魂の望を幾億回も裏切りし者達を、許し続けるもこれが最後と構えたる月日のなんと長き事か。

 それさえも裏切りの時に比ぶれば、瞬く間の閃きに似たり。一瞬に人は知恵を得た。道具を造り、そしていがみ合い。争い、殺し合い。幾度もの繰り返しを魂は見過ごしてきた。今に起こった事ではない。何度でも、何度でも争うがいい。何時か気付いたるその時こそ、真に望む世界の終焉の為。何の力添えを惜しむものではない。総てを捧げ華やかに消滅しようぞ。人が人として、地球ほしが生き、果て、蘇るのならば。何ものをも恐れる事など有りはせぬ。
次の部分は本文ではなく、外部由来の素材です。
(* Pointwise C^2 estimates between two maps, given by computed derivatives,
   yield the same bound on d_{C^2} for any other description of the
   derivatives (they coincide on [0,1]). *)
Lemma dC2_le P P1 P2 Q Q1 Q2 F1 F2 G1 G2 b0 b1 b2 :
  derive_on I01 P P1 -> derive_on I01 P1 P2 ->
  derive_on I01 Q Q1 -> derive_on I01 Q1 Q2 ->
  deriv01 P F1 -> deriv01 F1 F2 -> deriv01 Q G1 -> deriv01 G1 G2 ->
  (forall x, I01 x -> Rabs (P x - Q x) <= b0 /\ Rabs (P1 x - Q1 x) <= b1 /\
                      Rabs (P2 x - Q2 x) <= b2) ->
  exists d, dC2 P F1 F2 Q G1 G2 d /\ d <= b0 + b1 + b2.
Proof.
  intros DP DP1 DQ DQ1 HF1 HF2 HG1 HG2 Hb.
  assert (Agree : forall g g1 g2 h1 h2, derive_on I01 g g1 -> derive_on I01 g1 g2 ->
            deriv01 g h1 -> deriv01 h1 h2 -> forall x, I01 x -> h1 x = g1 x /\ h2 x = g2 x).
  { intros g g1 g2 h1 h2 D1 D2 E1 E2.
    assert (Hh1 := derive_on_unique _ _ _ (deriv01_derive_on _ _ E1) D1).
    split; [auto |]. apply (derive_on_unique h1 h2 g2 (deriv01_derive_on _ _ E2)); auto.
    eapply derive_on_ext; [exact D2 | intros; symmetry; auto | auto]. }
  destruct (sup01_exists (fun x => P x - Q x) b0) as [s0 [Hs0 Hs0b]].
  { intros x Hx. apply (Hb x Hx). }
  destruct (sup01_exists (fun x => F1 x - G1 x) b1) as [s1 [Hs1 Hs1b]].
  { intros x Hx. destruct (Agree _ _ _ _ _ DP DP1 HF1 HF2 x Hx) as [-> _].
    destruct (Agree _ _ _ _ _ DQ DQ1 HG1 HG2 x Hx) as [-> _]. apply (Hb x Hx). }
  destruct (sup01_exists (fun x => F2 x - G2 x) b2) as [s2 [Hs2 Hs2b]].
  { intros x Hx. destruct (Agree _ _ _ _ _ DP DP1 HF1 HF2 x Hx) as [_ ->].
    destruct (Agree _ _ _ _ _ DQ DQ1 HG1 HG2 x Hx) as [_ ->]. apply (Hb x Hx). }
  exists (s0 + s1 + s2). split; [exists s0, s1, s2; auto | lra].
Qed.

Theorem proposition2p3
  (nu C0 C1 : R) (f f1 f2 : nat -> R -> R)
  (Hnu : 0 < nu) (Hnu1 : nu <= 1) (HC0 : 0 < C0) (HC1 : 0 < C1)
  (* each f_i is an orientation-preserving C^{2+nu} diffeomorphism of [0,1] *)
  (Hd1 : forall i, deriv01 (f i) (f1 i))
  (Hd2 : forall i, deriv01 (f1 i) (f2 i))
  (Hhol2 : forall i, exists K, forall x y, 0 <= x <= 1 -> 0 <= y <= 1 ->
             Rabs (f2 i x - f2 i y) <= K * hpow (Rabs (x - y)) nu)
  (Hpos : forall i x, 0 <= x <= 1 -> 0 < f1 i x)
  (H0 : forall i, f i 0 = 0) (H1 : forall i, f i 1 = 1)
  (* uniform Hoelder bound and sup bound on the nonlinearities *)
  (Hn : forall i x y, 0 <= x <= 1 -> 0 <= y <= 1 ->
          Rabs (nonlin (f1 i) (f2 i) x - nonlin (f1 i) (f2 i) y)
            <= C0 * hpow (Rabs (x - y)) nu)
  (Hsup : forall i x, 0 <= x <= 1 -> Rabs (nonlin (f1 i) (f2 i) x) <= C1) :
  forall C2 : R, 0 < C2 ->
  exists C3 : R, 0 < C3 /\
  forall (n : nat) (a b : nat -> R),
    (1 <= n)%nat ->
    (forall i, (1 <= i <= n)%nat -> 0 <= a i /\ a i < b i /\ b i <= 1) ->
    sum_f_R0 (fun k => b (S k) - a (S k)) (n - 1) <= C2 ->
    (* derivatives of the zoomed maps ft_i = Z_{[a_i,b_i]}(f_i) *)
    forall (g1 g2 : nat -> R -> R),
    (forall i, (1 <= i <= n)%nat -> deriv01 (zoom (a i) (b i) (f i)) (g1 i)) ->
    (forall i, (1 <= i <= n)%nat -> deriv01 (g1 i) (g2 i)) ->
    (* N i = N_{ft_i} = int_0^1 n_{ft_i} *)
    forall (N : nat -> R),
    (forall i, (1 <= i <= n)%nat ->
       exists pr : Riemann_integrable (nonlin (g1 i) (g2 i)) 0 1,
         RiemannInt pr = N i) ->
    (* derivatives of the compositions *)
    forall (F1 F2 G1 G2 : R -> R),
    deriv01 (iter_comp (fun i => zoom (a i) (b i) (f i)) n) F1 ->
    deriv01 F1 F2 ->
    deriv01 (iter_comp (fun i => Mob (N i)) n) G1 ->
    deriv01 G1 G2 ->
    exists d,
      dC2 (iter_comp (fun i => zoom (a i) (b i) (f i)) n) F1 F2
          (iter_comp (fun i => Mob (N i)) n) G1 G2 d /\
      d <= C3 * Rpower (maxseq (fun j => b j - a j) n) nu.
Proof.
  intros C2 HC2.
  set (L := C1 * exp C1). set (Ka := C0 + C1 * C1 * exp C1).
  set (Lam := L * C2). set (W := exp Lam).
  assert (HL : 0 < L) by (apply Rmult_lt_0_compat; auto using exp_pos).
  assert (HKa : 0 < Ka) by (unfold Ka; pose proof (exp_pos C1); nra).
  assert (HLam : 0 < Lam) by (apply Rmult_lt_0_compat; lra).
  assert (HW : 0 < W) by apply exp_pos.
  exists ((3 + Lam * W) * W * W * (Ka * C2) * exp (W * Lam)). split.
  { pose proof (exp_pos (W * Lam)). repeat apply Rmult_lt_0_compat; nra. }
  intros n a b Hn1 Hab Hsum g1 g2 Hg1 Hg2 N HN F1 F2 G1 G2 HF1 HF2 HG1 HG2.
  set (d := fun j => b j - a j). set (m := Rpower (maxseq d n) nu).
  assert (Hm : 0 < m) by apply exp_pos.
  destruct (zoom_and_mobius_families nu C0 C1 f f1 f2 n a b g1 g2 N Hnu Hnu1 HC0 HC1
              Hd1 Hd2 Hpos Hn Hsup Hab Hg1 Hg2 HN) as [HF [HG [HnlF [HnlG Hcross]]]].
  assert (Hdsum : psum d n <= C2).
  { replace n with (S (n - 1)) by lia. rewrite psum_sum_f_R0. exact Hsum. }
  assert (Hlam : psum (fun i => L * d i) n <= Lam)
    by (rewrite psum_scal; apply Rmult_le_compat_l; lra).
  assert (Hsig : psum (fun i => Ka * m * d i) n <= Ka * m * C2)
    by (rewrite psum_scal; apply Rmult_le_compat_l; nra).
  assert (Hclose := compositions_C2_close _ _ _ _ _ _ n _ _ Lam (Ka * m * C2)
                      HF HG HnlF HnlG Hcross Hlam Hsig).
  destruct (iter_comp_unit_diffeo _ _ _ n HF n (le_n n)) as [DP [DP1 _]].
  destruct (iter_comp_unit_diffeo _ _ _ n HG n (le_n n)) as [DQ [DQ1 _]].
  destruct (dC2_le _ _ _ _ _ _ F1 F2 G1 G2 _ _ _ DP DP1 DQ DQ1 HF1 HF2 HG1 HG2 Hclose)
    as [dist [Hdist Hle]].
  exists dist. split; [exact Hdist |]. eapply Rle_trans; [exact Hle |]. right. fold W. ring.
Qed.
 魂達は今度こそ、永遠とわを知ったる人の為、その強大な力をもって天を裂き、大地を揺らすであろう。逃げ惑えばいい。泣き叫ぶがいい。さりとて、傷付け合う事なかれ。共に助け合い、共に荒れた地を耕せ。何時かまた命の恵みを受けし時、人が人で有る為に。畜生道を生きて来た、先人の罪を掻き消す為に。我らも共に歩もうぞ。
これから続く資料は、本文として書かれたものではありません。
Lemma init_state_unit : unit_state init_state.
Proof.
rewrite /unit_state /qdot.
under eq_bigr do rewrite rmorph_prod -big_split /=.
rewrite (sum_qbasis1_prod (fun j r =>
  (plus_state idx0 (idxS j) r)^* * plus_state idx0 (idxS j) r)).
apply: big1 => j _.
exact/plus_state_unit/idx0_neq_idxS.
Qed.

Lemma meas_basis_orthonormal a a' :
  \sum_z (meas_basis z a)^* * meas_basis z a' = (a == a')%:R.
Proof.
rewrite /meas_basis.
rewrite (tensor_orthonormal (fun j => hadamard_orthonormal (idx0_neq_idxS j))).
by case: a a' => [a1 i] [a1' i']; rewrite xpair_eqE (ord1 i) (ord1 i') eqxx andbT.
Qed.

Section Input.
Variable x : {ffun 'I_m.+1 -> bool}.

Definition outcome : Z := [ffun j => parity_target idx0 (idxS j) (xext x)].

Lemma amplitude_oracle z :
  amplitude meas_basis z (apply_oracle x init_state) =
  \prod_j (sgb (x ord0) * (z j == outcome j)%:R).
Proof.
rewrite /amplitude.
pose F j r :=
  hadamard idx0 (idxS j) (z j) r * (sgb (xext x r) * plus_state idx0 (idxS j) r).
have split_term a : meas_basis z a * apply_oracle x init_state a = \prod_j F j (a.1 j).
  by rewrite /apply_oracle /init_state /meas_basis /tensor -!big_split.
rewrite (eq_bigr _ (fun a _ => split_term a)) sum_qbasis1_prod; apply: eq_bigr => j _.
by rewrite /F (hadamard_phase_plus (idx0_neq_idxS j)) xext_idx0 ffunE.
Qed.

Lemma amplitude_oracle_norm z :
  (amplitude meas_basis z (apply_oracle x init_state))^* *
  amplitude meas_basis z (apply_oracle x init_state) = (z == outcome)%:R.
Proof.
rewrite amplitude_oracle rmorph_prod -big_split -prod_delta /=.
by apply: eq_bigr => j _; rewrite rmorphM rmorph_nat mulrACA sgb_norm mul1r
  -natrM mulnb andbb.
Qed.

Lemma decode_outcome : decode outcome = if x ord0 then bnot x else x.
Proof.
apply/ffunP => i; rewrite /decode ffunE.
case: unliftP => [j|] ->; rewrite ?ffunE /parity_target ?xext_idx0 ?xext_idxS.
  have pq := negbTE (idx0_neq_idxS j).
  by case: (x ord0) => /=; rewrite ?ffunE; case: (x (lift ord0 j)); rewrite /= ?eqxx ?pq.
by case E: (x ord0) => /=; rewrite ?ffunE E.
Qed.

Lemma algorithm_correct :
  outcome_prob algorithm (f x) (apply_oracle x init_state) = 1.
Proof.
rewrite (label_povm_prob _ _ amplitude_oracle_norm) decode_outcome.
by case: (x ord0); rewrite -?f_bnot eqxx.
Qed.
End Input.
End ComplementInvariant.
End Amplitudes.

Theorem corollary7p4 (C : numClosedFieldType) (n : nat) (hn : (1 <= n)%N)
  (f : {ffun 'I_n -> bool} -> bool)
  (hf : forall x : {ffun 'I_n -> bool}, f x = f (bnot x)) :
  QEna_le C f (n - 1).
Proof.
case: n hn f hf => [//|m] _ f hf.
exists m; split; first by rewrite subn1.
exists 1%N, (@init_state C m), (algorithm C f).
split; first exact: init_state_unit.
split; first exact/label_povm_is_povm/meas_basis_orthonormal.
exact: algorithm_correct.
Qed.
 今一度この地球ほしが滅び行き、新たな旅を始めた時こそ、我らと人の真なる喜びの時。今この時共に生き、共に土となったとて、我らが魂は永遠の静寂の後に再びこの地に舞い戻り、歓喜に浸るに違いない。耐え続け、ようやくに遂げた魂の、そして人の心がいざないし大地。

 おお、アルカディア。今こそ我はここに立つ」


 我等は飛行艇に乘り、上空よりおっさんの演説を一部始終洩らさず聞いたが、何の事やら。

 何を言いたいのか、まったくもって訳が分からん。

 したがって、久しく診療所にも顔を出していなかったので、死にそうだった爺婆はどうしているかちょいと顔を出して、ついでにこのおっさんの事も聞いてやろうと診療所の西洋風縁台にクロと二人して並んで中を覗いてみた。

 とうとう爺婆は全滅したか、それともヤブの放蕩に呆れたか、患者は一人もいない。

 中にはあまり顔を出さない似顔絵喫茶店のオーナーと、消防署の下戸酔っ払いの相南が、やぶとこそこそやっている。

「おいおいおい、何か変なのが来ちまったよー、疫病。こら! 医者! 玉子酒なんか作ってねえで追っ払っちまえよ。あの野郎辛気臭くてたまんねえよ」

 喫茶店のオーナーで確か久蔵と言ったか、一度吾輩も似顔絵を書いてもらった事のある親父が、やぶを疫病と呼んでいる。

「なんでーすかー、貧乏神さん」

 今度は相南が久蔵を貧乏神と呼ぶ。

「死神に言ったんじゃねえよ。てめえは学がねえんだから黙ってろい。どうせあいつの素性なんか知らねえだろうがよ。おい疫病。知ってるかよ、診療所の前で訳の解らねえ御題目唱えてるいかれ金玉野郎。あいつぁ何者だい」

 久蔵までが、相南を死神と呼んでいる。

 どうやらこやつ等は、始末に悪い三柱の低級神に憑りつかれている。

 このまま何時もの様に入って行ったのでは、我等にどんな危害が及ぶやもしれん。

 ここはこっそり覗いて様子を知ったら退散すると決めた。

 クロと物陰から三柱を観察する。